Large landslides of clay-rich materials have been observed to move for periods of days, months, or years at slow, relatively steady rates, without abrupt accelerations or catastrophic movements despite pore pressure fluctuations. Various mechanisms have been invoked to explain these mysterious observations. These include viscous or rate-dependent shear strength, plastic internal deformation, dilation, and forced circulation of pore water as the landslide deforms over asperities in the slip surface. Viscous models treat landslide movement as slow viscous flow, contrary to abundant observations that clay-rich landslides move mainly by sliding. The rate-dependent component of shear strength at slow rates of movement is weak. Plastic internal deformation of a landslide is not inherently rate dependent. Whether dilation attendant to internal deformation induces pore pressure gradients sufficient to regulate movement is unknown, as are the effects of clay intrusion.
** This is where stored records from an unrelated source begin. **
Lemma embed_pm1_unit x : pm1 x -> unitvecs (embed_pm1 x).
Proof.
move=> Hx i; rewrite (bigD1 (Ordinal n_gt0)) //= big1 ?addr0.
  by rewrite /embed_pm1 /=; case: (Hx i) => ->; rewrite ?sqrrN expr1n.
move=> k Hk; rewrite /embed_pm1 ifF ?expr0n //.
by apply: contraNF Hk => /eqP Hk0; apply/eqP/val_inj.
Qed.

Lemma sdp_has_sup w :
  has_sup [set \sum_(e : edge E) w e * dotv (u (val e).1) (u (val e).2) | u in @unitvecs R n].
Proof.
split.
  by eexists; exists (embed_pm1 (fun _ => 1)) => //; apply: embed_pm1_unit; left.
exists (\sum_e `|w e|) => _ [u Hu <-]; apply: ler_sum => e _.
apply: le_trans (ler_norm _) _; rewrite normrM -[leRHS]mulr1.
by apply: ler_wpM2l => //; exact: normr_dotv_le1.
Qed.

Lemma sdp_ge w u : unitvecs u ->
  \sum_(e : edge E) w e * dotv (u (val e).1) (u (val e).2) <= sdp w.
Proof. by move=> Hu; apply: sup_upper_bound (sdp_has_sup w) _ _; exists u. Qed.

Lemma sdp_le w M :
  (forall u, unitvecs u -> \sum_(e : edge E) w e * dotv (u (val e).1) (u (val e).2) <= M) ->
  sdp w <= M.
Proof. by move=> H; apply: ge_sup (sdp_has_sup w).1 _ => _ [u Hu <-]; apply: H. Qed.

Lemma cut_le_sdp w x : pm1 x -> linf w (cutvec x) <= sdp w.
Proof.
move=> Hx; apply: le_trans (sdp_ge w (embed_pm1_unit Hx)).
by under [leRHS]eq_bigr do rewrite dotv_embed_pm1.
Qed.

Lemma ip_le_sdp w : ip w <= sdp w.
Proof. by apply: ip_le => x; exact: cut_le_sdp. Qed.

Definition sgn (S : {set 'I_n}) (i : 'I_n) : R := if i \in S then -1 else 1.

Lemma sgn_mulss S i : sgn S i * sgn S i = 1.
Proof. by rewrite /sgn; case: (i \in S); rewrite ?mulrNN mulr1. Qed.

Lemma pm1_sgn_mul S x : pm1 x -> pm1 (fun i => sgn S i * x i).
Proof.
move=> Hx i; rewrite /sgn.
by case: (i \in S); case: (Hx i) => ->; rewrite ?mulN1r ?mul1r ?opprK; auto.
Qed.

Lemma switchE S w e : switch S w e = sgn S (val e).1 * sgn S (val e).2 * w e.
Proof.
by rewrite /switch /sgn; case: ((val e).1 \in S); case: ((val e).2 \in S) => /=; ring.
Qed.

Lemma switchK S : involutive (@switch R n E S).
Proof. by move=> w; apply/funext => e; rewrite /switch; case: (_ != _); rewrite ?opprK. Qed.

Lemma switch_sgn_sum S w (a b : edge E -> R) :
  (forall e, b e = sgn S (val e).1 * sgn S (val e).2 * a e) ->
  \sum_(e : edge E) switch S w e * b e = \sum_(e : edge E) w e * a e.
Proof.
move=> Hb; apply: eq_bigr => e _; rewrite switchE Hb.
set s1 := sgn S _; set s2 := sgn S _.
transitivity ((s1 * s1) * (s2 * s2) * (w e * a e)); first by ring.
by rewrite !sgn_mulss !mul1r.
Qed.

Lemma ip_switch_le S w : ip w <= ip (switch S w).
Proof.
apply: ip_le => x Hx.
apply: le_trans (cut_le_ip (switch S w) (pm1_sgn_mul S Hx)).
rewrite /linf (@switch_sgn_sum S w (cutvec x)) //.
by move=> e; rewrite /cutvec; ring.
Qed.

Lemma sdp_switch_le S w : sdp w <= sdp (switch S w).
Proof.
apply: sdp_le => u Hu.
have Hu' : unitvecs (fun i k => sgn S i * u i k).
  move=> i; rewrite -(Hu i); apply: eq_bigr => k _.
  by rewrite exprMn /sgn; case: (i \in S); rewrite ?sqrrN expr1n mul1r.
apply: le_trans (sdp_ge (switch S w) Hu').
rewrite (@switch_sgn_sum S w (fun e => dotv (u (val e).1) (u (val e).2))) // => e.
by rewrite /dotv mulr_sumr; apply: eq_bigr => k _; ring.
Qed.

Lemma kappa_switch S w : kappa (switch S w) = kappa w.
Proof.
have Hip : ip (switch S w) = ip w.
  by apply/le_anti; rewrite ip_switch_le -{2}(switchK S w) ip_switch_le.
have Hsdp : sdp (switch S w) = sdp w.
  by apply/le_anti; rewrite sdp_switch_le -{2}(switchK S w) sdp_switch_le.
by rewrite /kappa Hip Hsdp.
Qed.

Local Notation V := {ffun 'I_n -> bool}.
Local Notation d := #|{: edge E}|.

Definition signs (f : V) i : R := if f i then -1 else 1.
Definition cutpt (f : V) (j : 'I_d) : R := cutvec (signs f) (enum_val j).
Definition flip (a : 'I_n) (f : V) : V := [ffun i => if i == a then ~~ f i else f i].

Lemma signs_pm1 f : pm1 (signs f).
Proof. by move=> i; rewrite /signs; case: (f i); [right|left]. Qed.

Lemma signs_mulss f i : signs f i * signs f i = 1.
Proof. by rewrite /signs; case: (f i); rewrite ?mulrNN mulr1. Qed.

Lemma flipK a : involutive (flip a).
Proof. by move=> f; apply/ffunP => i; rewrite !ffunE; case: (i == a); rewrite ?negbK. Qed.

Lemma signs_flip a f i : signs (flip a f) i = if i == a then - signs f i else signs f i.
Proof. by rewrite /signs ffunE; case: (i == a) => //; case: (f i); rewrite ?opprK. Qed.

Lemma sum_flip_odd a (g : V -> R) : (forall f, g (flip a f) = - g f) -> \sum_f g f = 0.
Proof.
move=> Hg; have : \sum_f g f = - \sum_f g f.
  by rewrite {1}(reindex_inj (can_inj (flipK a))) -sumrN; apply: eq_bigr.
by move/eqP; rewrite -subr_eq0 opprK -mulr2n mulrn_eq0 => /eqP.
Qed.

Hypothesis HE : forall e, e \in E -> (e.1 < e.2)%N.

Lemma edge_lt (e : edge E) : ((val e).1 < (val e).2)%N.
Proof. by apply: HE; case: e. Qed.

Definition incident (c : 'I_n) (e : edge E) := ((val e).1 == c) || ((val e).2 == c).

Lemma cutvec_flip c f (e : edge E) :
  cutvec (signs (flip c f)) e = (-1) ^+ incident c e * cutvec (signs f) e.
Proof.
have Hne : (val e).1 != (val e).2 by rewrite neq_ltn edge_lt.
rewrite /cutvec /incident !signs_flip.
case: ((val e).1 =P c) => [Ha|_]; case: ((val e).2 =P c) => [Hb|_] /=; try ring.
by move: Hne; rewrite Ha Hb eqxx.
Qed.

Lemma sum_cutpt_eq0 j : \sum_f cutpt f j = 0.
Proof.
apply: (@sum_flip_odd (val (enum_val j)).1) => f.
by rewrite /cutpt cutvec_flip /incident eqxx expr1 mulN1r.
Qed.

Lemma separating_vertex (e e0 : edge E) : e != e0 -> exists c, incident c e != incident c e0.
Proof.
move=> Hne; rewrite /incident.
have := edge_lt e; have := edge_lt e0.
case: e Hne => [[a b] He] /=; case: e0 => [[a0 b0] He0] /= Hne Hab0 Hab.
have Hne' : (a, b) != (a0, b0) by apply: contraNneq Hne => Heq; apply/eqP/val_inj.
have [/orP[/eqP Ha|/eqP Ha]|Ha] := boolP ((a0 == a) || (b0 == a)).
- exists b; rewrite eqxx orbT /= negb_or; apply/andP; split.
    by apply/eqP => Hb; move: Hab; rewrite -Hb Ha ltnn.
  by apply: contraNneq Hne' => Hb; rewrite Hb Ha.
- exists a0; rewrite eqxx; apply/negP => /eqP /orP [] /eqP Ha0.
    by move: Hab0; rewrite Ha -Ha0 ltnn.
  by move: Hab0 Hab; rewrite Ha Ha0; lia.
- by exists a; rewrite eqxx (negbTE Ha).
Qed.

Lemma card_signs_gt0 : (0 < #|{: V}|)%N.
Proof. by apply/card_gt0P; exists [ffun _ => false]. Qed.

Lemma sum_cutpt_mul j j0 :
  \sum_f cutpt f j0 * cutpt f j = if j == j0 then #|{: V}|%:R else 0.
Proof.
have [->|Hne] := eqVneq j j0.
  rewrite -sum1_card natr_sum; apply: eq_bigr => f _.
  by rewrite /cutpt /cutvec mulrACA !signs_mulss mulr1.
have [c Hc] : exists c, incident c (enum_val j0) != incident c (enum_val j).
  by apply: separating_vertex; apply: contra Hne => /eqP/enum_val_inj ->.
apply: (@sum_flip_odd c) => f; rewrite /cutpt !cutvec_flip.
by move: Hc; case: (incident c _); case: (incident c _) => //= _; ring.
Qed.
Lemma interact_cross_Jn s J K : s = 1 \/ s = -1 ->
  interact s J K (cross J (cross J K)) (cross K (cross J K))
  = vscale (s * vdot (cross J K) (cross J K)) (cross (vadd J (vscale (- s) K)) (cross J K)).
Proof.
  intros [-> | ->]; destruct J as [j1 j2 j3], K as [k1 k2 k3]; vexpand; apply V3_eq; cbn [v1 v2 v3];
    ring.
Qed.

Lemma cross_norm2_identity s J K : s = 1 \/ s = -1 ->
  let m := vadd J (vscale s K) in let v := cross (vadd J (vscale (- s) K)) (cross J K) in
  vdot v v * vdot m m - vdot v m * vdot v m
  = vdot (cross J K) (cross J K) * (vdot J J - vdot K K) * (vdot J J - vdot K K).
Proof. intros [-> | ->]; destruct J as [j1 j2 j3], K as [k1 k2 k3]; vexpand; ring. Qed.


(** For [J], [K] independent with [|J| <> |K|] and [m = J + s K], the images of [n = J x K]
    and of the projection [w] of [(J - s K) x n] form an orthogonal basis of [m^perp]. *)
Lemma perp_decomposition s J K U : s = 1 \/ s = -1 ->
  vdot (cross J K) (cross J K) <> 0 -> vdot J J <> vdot K K ->
  vdot (vadd J (vscale s K)) (vadd J (vscale s K)) <> 0 ->
  vdot U (vadd J (vscale s K)) = 0 ->
  exists a1 b1 a2 b2, vdot a1 J = 0 /\ vdot b1 K = 0 /\ vdot a2 J = 0 /\ vdot b2 K = 0 /\
    U = vadd (proj_perp (vadd J (vscale s K)) (interact s J K a1 b1))
             (proj_perp (vadd J (vscale s K)) (interact s J K a2 b2)).
Proof.
  intros Hs Hn HJK Hm HU.
  pose proof (cross_norm2_identity s J K Hs) as Ev; cbv zeta in Ev.
  set (m := vadd J (vscale s K)) in *; set (n := cross J K) in *.
  set (v := cross (vadd J (vscale (- s) K)) n) in *; set (w := proj_perp m v).
  assert (Hnm : vdot n m = 0)
    by (unfold n, m; rewrite vdot_vadd_scale_r, cross_perp_l, cross_perp_r; ring).
  assert (Hwm : vdot w m = 0) by (apply proj_perp_perp, Hm).
  assert (Hnw : vdot n w = 0).
  { rewrite vdot_sym; unfold w, proj_perp.
    rewrite vdot_addl, vdot_scalel, (vdot_sym m n), Hnm; unfold v; rewrite cross_perp_r; ring. }
  assert (Hw : vdot w w <> 0).
  { intro h; pose proof (proj_perp_norm2 m v Hm) as E; fold w in E.
    rewrite Ev, h, Rmult_0_l in E; symmetry in E; revert E.
    repeat apply Rmult_integral_contrapositive_currified; auto; lra. }
  set (al := vdot U n / vdot n n); set (be := vdot U w / vdot w w).
  exists (vscale (s * al / vdot n n) n), (cross K n),
    (vscale (s * be / vdot n n) (cross J n)), (cross K n).
  rewrite !vdot_scalel; unfold n at 1 3; rewrite !cross_perp_l, !Rmult_0_r.
  do 4 (split; [reflexivity|]).
  rewrite !interact_scale_l, interact_cross_n, interact_cross_Jn by exact Hs; fold n v.
  rewrite !proj_perp_scale, proj_perp_id by exact Hnm; fold w.
  rewrite (orthogonal_expansion m n w U) at 1 by (auto; rewrite vdot_sym; assumption).
  fold al be; destruct Hs as [-> | ->]; apply V3_eq; simpl; field; auto.
Qed.

Lemma Bset_span j k A B C D : j <> zzero -> k <> zzero ->
  vdot A (zR j) = 0 -> vdot B (zR j) = 0 -> vdot C (zR k) = 0 -> vdot D (zR k) = 0 ->
  span (Bset j k) (Bop (mode j A B) (mode k C D)).
Proof. intros; apply span_in; exists (mode j A B), (mode k C D); auto using Fk_mode. Qed.

Lemma norm2_cross_neq0 j k : j <> zzero -> lin_indep2 j k ->
  vdot (cross (zR j) (zR k)) (cross (zR j) (zR k)) <> 0.
Proof.
  intros Hj Hli h; apply vdot_self_eq0 in h.
  assert (E : vadd (vscale (vdot (zR j) (zR k)) (zR j)) (vscale (- vdot (zR j) (zR j)) (zR k)) = vzero).
  { transitivity (cross (zR j) (cross (zR j) (zR k))); [|rewrite h; vexpand; vring].
    generalize (zR j) (zR k); intros [a1 a2 a3] [b1 b2 b3]; vexpand; apply V3_eq; cbn [v1 v2 v3]; ring. }
  destruct (Hli _ _ E) as [_ H]; apply (zR_norm2_neq0 j (zeqb_zzero j Hj)); lra.
Qed.

Lemma norm2_comb_neq0 j k s : lin_indep2 j k ->
  vdot (vadd (zR j) (vscale s (zR k))) (vadd (zR j) (vscale s (zR k))) <> 0.
Proof.
  intros Hli h; apply vdot_self_eq0 in h.
  assert (E : vadd (vscale 1 (zR j)) (vscale s (zR k)) = vzero) by (rewrite <- h; vring).
  destruct (Hli _ _ E); lra.
Qed.

Lemma zcomb_neq_zzero j k s M : lin_indep2 j k ->
  zR M = vadd (zR j) (vscale s (zR k)) -> M <> zzero.
Proof.
  intros Hli E ->; apply (norm2_comb_neq0 j k s Hli); rewrite <- E; exact (vdot0l _).
Qed.

Lemma mode_vadd_cos M P Q : mode M (vadd P Q) vzero = fadd (mode M P vzero) (mode M Q vzero).
Proof. fext; unfold fadd, mode; vring. Qed.

Lemma mode_vadd_sin M P Q : mode M vzero (vadd P Q) = fadd (mode M vzero P) (mode M vzero Q).
Proof. fext; unfold fadd, mode; vring. Qed.

Section Surjectivity.

Variables (j k : Z3).
Hypotheses (Hj : j <> zzero) (Hk : k <> zzero) (Hli : lin_indep2 j k)
  (Hnorm : vdot (zR j) (zR j) <> vdot (zR k) (zR k)).

Lemma Bset_span_mode (M : Z3) (s : R) : s = 1 \/ s = -1 ->
  zR M = vadd (zR j) (vscale s (zR k)) ->
  (forall a b, vdot a (zR j) = 0 -> vdot b (zR k) = 0 ->
     span (Bset j k) (mode M (leray_symbol M (interact s (zR j) (zR k) a b)) vzero)) ->
  (forall a b, vdot a (zR j) = 0 -> vdot b (zR k) = 0 ->
     span (Bset j k) (mode M vzero (leray_symbol M (interact s (zR j) (zR k) a b)))) ->
  forall U V, vdot U (zR M) = 0 -> vdot V (zR M) = 0 -> span (Bset j k) (mode M U V).
Proof.
  intros Hs HM Hcos Hsin U V HU HV.
  assert (HM0 : zeqb M zzero = false) by (apply zeqb_zzero, (zcomb_neq_zzero j k s); assumption).
  assert (Hdec : forall W, vdot W (zR M) = 0 -> exists a1 b1 a2 b2,
    vdot a1 (zR j) = 0 /\ vdot b1 (zR k) = 0 /\ vdot a2 (zR j) = 0 /\ vdot b2 (zR k) = 0 /\
    W = vadd (leray_symbol M (interact s (zR j) (zR k) a1 b1))
             (leray_symbol M (interact s (zR j) (zR k) a2 b2))).
  { intros W HW; rewrite HM in HW.
    destruct (perp_decomposition s (zR j) (zR k) W Hs (norm2_cross_neq0 j k Hj Hli) Hnorm
                (norm2_comb_neq0 j k s Hli) HW) as (a1 & b1 & a2 & b2 & H1 & H2 & H3 & H4 & E).
    exists a1, b1, a2, b2; do 4 (split; [assumption|]).
    rewrite !leray_symbol_proj_perp, HM by exact HM0; exact E. }
  replace (mode M U V) with (fadd (mode M U vzero) (mode M vzero V)) by (fext; unfold fadd, mode; vring).
  destruct (Hdec U HU) as (a1 & b1 & a2 & b2 & Ha1 & Hb1 & Ha2 & Hb2 & ->).
  destruct (Hdec V HV) as (a3 & b3 & a4 & b4 & Ha3 & Hb3 & Ha4 & Hb4 & ->).
  rewrite mode_vadd_cos, mode_vadd_sin.
  apply span_add; apply span_add; [apply Hcos | apply Hcos | apply Hsin | apply Hsin]; assumption.
Qed.
(* For integers $0\le r\le m$ with $m\ge1$ and $k\ge1$, the rates of $\mathrm{RM}(r,m)$ and $\mathrm{RM}(r,m+k)$ satisfy $$R(r,m)-R(r,m+k)\le\frac{3k+4}{5\sqrt m}.$$
   Context: The rate of the Reed--Muller code $\mathrm{RM}(r,m)$ is $R(r,m)=2^{-m}\sum_{i=0}^{r}\binom{m}{i}$. *)

From Stdlib Require Import Reals Lra Lia.
Open Scope R_scope.

Definition rm_rate (r m : nat) : R :=
  sum_f_R0 (fun i => Binomial.C m i) r / 2 ^ m.

(* Going from length n to n + 1 lowers the rate of RM(r, -) by exactly
   C(n,r) / 2^(n+1), by Pascal's rule.  Every binomial coefficient satisfies
   C(n,i)^2 n <= 4^n (the classical bound C(2p,p)^2 (2p+1) <= 16^p on the
   central coefficient, which dominates the others), so each step costs at
   most 1 / (2 sqrt n) <= 1 / (2 sqrt m).  Summing k steps gives
   k / (2 sqrt m) <= (3k + 4) / (5 sqrt m). *)

From Stdlib Require Import Reals Lra Lia.
Open Scope R_scope.

Lemma sqrt_INR_pos n : (1 <= n)%nat -> 0 < sqrt (INR n).
Proof. intros hn. apply sqrt_lt_R0, lt_0_INR. lia. Qed.

Lemma C_nonneg n i : 0 <= C n i.
Proof.
  unfold C. apply Rle_mult_inv_pos; [apply pos_INR|].
  apply Rmult_lt_0_compat; apply INR_fact_lt_0.
Qed.

Lemma C_n_0 n : C n 0 = 1.
Proof. unfold C. rewrite Nat.sub_0_r. simpl. field. apply INR_fact_neq_0. Qed.

Lemma C_n_n n : C n n = 1.
Proof. unfold C. rewrite Nat.sub_diag. simpl. field. apply INR_fact_neq_0. Qed.

Lemma sum_C_succ n r : (r <= n)%nat ->
  sum_f_R0 (fun i => C (S n) i) r = 2 * sum_f_R0 (fun i => C n i) r - C n r.
Proof.
  induction r as [|r IH]; intros hr; simpl.
  - rewrite !C_n_0. lra.
  - rewrite IH, <- pascal by lia. lra.
Qed.

Lemma rm_rate_succ r n : (r <= n)%nat ->
  rm_rate r n - rm_rate r (S n) = C n r / 2 ^ S n.
Proof.
  intros hr. unfold rm_rate. rewrite sum_C_succ by exact hr. simpl pow.
  field. apply pow_nonzero. lra.
Qed.

Lemma C_central_succ p :
  C (2 * S p) (S p) = 2 * (2 * INR p + 1) / (INR p + 1) * C (2 * p) p.
Proof.
  unfold C.
  replace (2 * S p - S p)%nat with (S p) by lia.
  replace (2 * p - p)%nat with p by lia.
  replace (2 * S p)%nat with (S (S (2 * p))) by lia.
  rewrite !fact_simpl, !mult_INR, !S_INR, mult_INR. simpl (INR 2).
  field. split; [apply INR_fact_neq_0|]. pose proof (pos_INR p). lra.
Qed.

Lemma C_central_sq_le p : C (2 * p) p ^ 2 * (2 * INR p + 1) <= 16 ^ p.
Proof.
  induction p as [|p IH].
  - simpl. rewrite C_n_0. lra.
  - rewrite C_central_succ, S_INR. simpl (16 ^ S p).
    pose proof (pos_INR p) as hp.
    set (c := C (2 * p) p) in *.
    replace ((2 * (2 * INR p + 1) / (INR p + 1) * c) ^ 2 * (2 * (INR p + 1) + 1))
      with (4 * (2 * INR p + 1) * (2 * INR p + 3) / (INR p + 1) ^ 2
            * (c ^ 2 * (2 * INR p + 1)))
      by (field; lra).
    assert (hratio : 4 * (2 * INR p + 1) * (2 * INR p + 3) / (INR p + 1) ^ 2 <= 16).
    { apply Rmult_le_reg_r with ((INR p + 1) ^ 2); [nra|].
      field_simplify; nra. }
    assert (0 <= c ^ 2 * (2 * INR p + 1))
      by (apply Rmult_le_pos; [apply pow2_ge_0 | lra]).
    apply Rmult_le_compat; [| assumption | exact hratio | exact IH].
    apply Rmult_le_pos; [nra | apply Rlt_le, Rinv_0_lt_compat; nra].
Qed.

Lemma C_central_ge_1 p : 1 <= C (2 * p) p.
Proof. rewrite <- (C_n_0 (2 * p)). apply C_maj. lia. Qed.

Lemma C_odd_le p i : (i <= 2 * p + 1)%nat -> C (2 * p + 1) i <= 2 * C (2 * p) p.
Proof.
  intros hi. pose proof (C_central_ge_1 p).
  destruct i as [|j].
  - rewrite C_n_0. lra.
  - destruct (Nat.eq_dec j (2 * p)) as [-> | hj].
    + rewrite Nat.add_1_r, C_n_n. lra.
    + rewrite Nat.add_1_r, <- pascal by lia.
      pose proof (C_maj p j ltac:(lia)). pose proof (C_maj p (S j) ltac:(lia)). lra.
Qed.

Lemma pow4_double p : 4 ^ (2 * p) = 16 ^ p.
Proof. rewrite pow_mult. f_equal. lra. Qed.

Lemma C_sq_le n i : (i <= n)%nat -> C n i ^ 2 * INR n <= 4 ^ n.
Proof.
  intros hi. destruct (Nat.Even_or_Odd n) as [[p ->] | [p ->]];
    pose proof (C_central_sq_le p) as hc; pose proof (pos_INR p) as hp;
    rewrite ?plus_INR, mult_INR in *; simpl (INR 2) in *; simpl (INR 1).
  - assert (C (2 * p) i ^ 2 <= C (2 * p) p ^ 2)
      by (apply pow_incr; split; [apply C_nonneg | apply C_maj; lia]).
    rewrite pow4_double. nra.
  - assert (C (2 * p + 1) i ^ 2 <= (2 * C (2 * p) p) ^ 2)
      by (apply pow_incr; split; [apply C_nonneg | apply C_odd_le; lia]).
    rewrite pow_add, pow4_double. nra.
Qed.

Lemma C_le_pow2_div_sqrt n i : (1 <= n)%nat -> (i <= n)%nat ->
  C n i <= 2 ^ n / sqrt (INR n).
Proof.
  intros hn hi. pose proof (sqrt_INR_pos n hn) as hsqrt.
  apply Rmult_le_reg_r with (sqrt (INR n)); [exact hsqrt|].
  unfold Rdiv. rewrite Rmult_assoc, Rinv_l, Rmult_1_r by lra.
  assert (0 <= C n i * sqrt (INR n))
    by (apply Rmult_le_pos; [apply C_nonneg | apply sqrt_pos]).
  assert (0 <= 2 ^ n) by (apply pow_le; lra).
  rewrite <- (sqrt_pow2 (C n i * sqrt (INR n))), <- (sqrt_pow2 (2 ^ n)) by assumption.
  apply sqrt_le_1_alt. rewrite Rpow_mult_distr, pow2_sqrt by apply pos_INR.
  rewrite <- pow_mult, Nat.mul_comm, pow_mult. replace (2 ^ 2) with 4 by lra.
  apply C_sq_le, hi.
Qed.

Lemma rm_rate_succ_le r n : (r <= n)%nat -> (1 <= n)%nat ->
  rm_rate r n - rm_rate r (S n) <= / (2 * sqrt (INR n)).
Proof.
  intros hr hn. rewrite rm_rate_succ by exact hr.
  pose proof (C_le_pow2_div_sqrt n r hn hr).
  pose proof (sqrt_INR_pos n hn).
  assert (0 < 2 ^ n) by (apply pow_lt; lra).
  simpl pow. apply Rmult_le_reg_r with (2 * 2 ^ n); [lra|].
  replace (C n r / (2 * 2 ^ n) * (2 * 2 ^ n)) with (C n r) by (field; lra).
  replace (/ (2 * sqrt (INR n)) * (2 * 2 ^ n)) with (2 ^ n / sqrt (INR n))
    by (field; lra).
  assumption.
Qed.

Lemma rm_rate_drop_le r m k : (r <= m)%nat -> (1 <= m)%nat ->
  rm_rate r m - rm_rate r (m + k) <= INR k / (2 * sqrt (INR m)).
Proof.
  intros hr hm. pose proof (sqrt_INR_pos m hm) as hsqrt.
  induction k as [|k IH].
  - rewrite Nat.add_0_r. simpl. lra.
  - pose proof (rm_rate_succ_le r (m + k) ltac:(lia) ltac:(lia)) as hstep.
    assert (hmono : / (2 * sqrt (INR (m + k))) <= / (2 * sqrt (INR m))).
    { apply Rinv_le_contravar; [lra|].
      apply Rmult_le_compat_l; [lra|]. apply sqrt_le_1_alt, le_INR. lia. }
    rewrite Nat.add_succ_r, S_INR.
    replace ((INR k + 1) / (2 * sqrt (INR m)))
      with (INR k / (2 * sqrt (INR m)) + / (2 * sqrt (INR m))) by (field; lra).
    lra.
Qed.

Theorem lemma8 (r m k : nat) :
  (r <= m)%nat -> (1 <= m)%nat -> (1 <= k)%nat ->
  rm_rate r m - rm_rate r (m + k) <= (3 * INR k + 4) / (5 * sqrt (INR m)).
Proof.
  (* k / 2 <= (3k + 4) / 5 for every k. *)
  intros hr hm _.
  eapply Rle_trans; [exact (rm_rate_drop_le r m k hr hm)|].
  pose proof (sqrt_INR_pos m hm). pose proof (pos_INR k).
  replace (INR k / (2 * sqrt (INR m))) with (INR k / 2 * / sqrt (INR m)) by (field; lra).
  replace ((3 * INR k + 4) / (5 * sqrt (INR m)))
    with ((3 * INR k + 4) / 5 * / sqrt (INR m)) by (field; lra).
  apply Rmult_le_compat_r; [apply Rlt_le, Rinv_0_lt_compat; lra | lra].
Qed.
Experiments by others have documented shear-induced dilation, with attendant suctions and temporary strengthening of deforming sediments. Stick-slip or start-stop movement has typically been observed in controlled-stress experiments. Sustained, persistent movement over days to years requires continuous regeneration (by reconsolidation) of the finite capacity of landslide material to dilate. In landslides that appear to move continuously, at least three possibilities exist: (1) stick-slip movement occurs at finer time scales (daily – subhourly) than typical measurements, (2) continual shifting of the shear zone occurs as small segments temporarily lock due to dilation and increased effective stress, (3) slip-surface asperities force alternating dilation and contraction. Stick-slip movement on daily to sub-hourly timescales is consistent with observed ranges of shear zone thickness and diffusivity. Shifting of shear zones occurs in many large slides, although the surface traces of lateral shear zones are commonly stationary through meters of displacement. Deformation and pore pressure gradients associated with slip-surface asperities might be difficult to observe instrumentally. Nevertheless, these possibilities suggest directions for future research on this topic.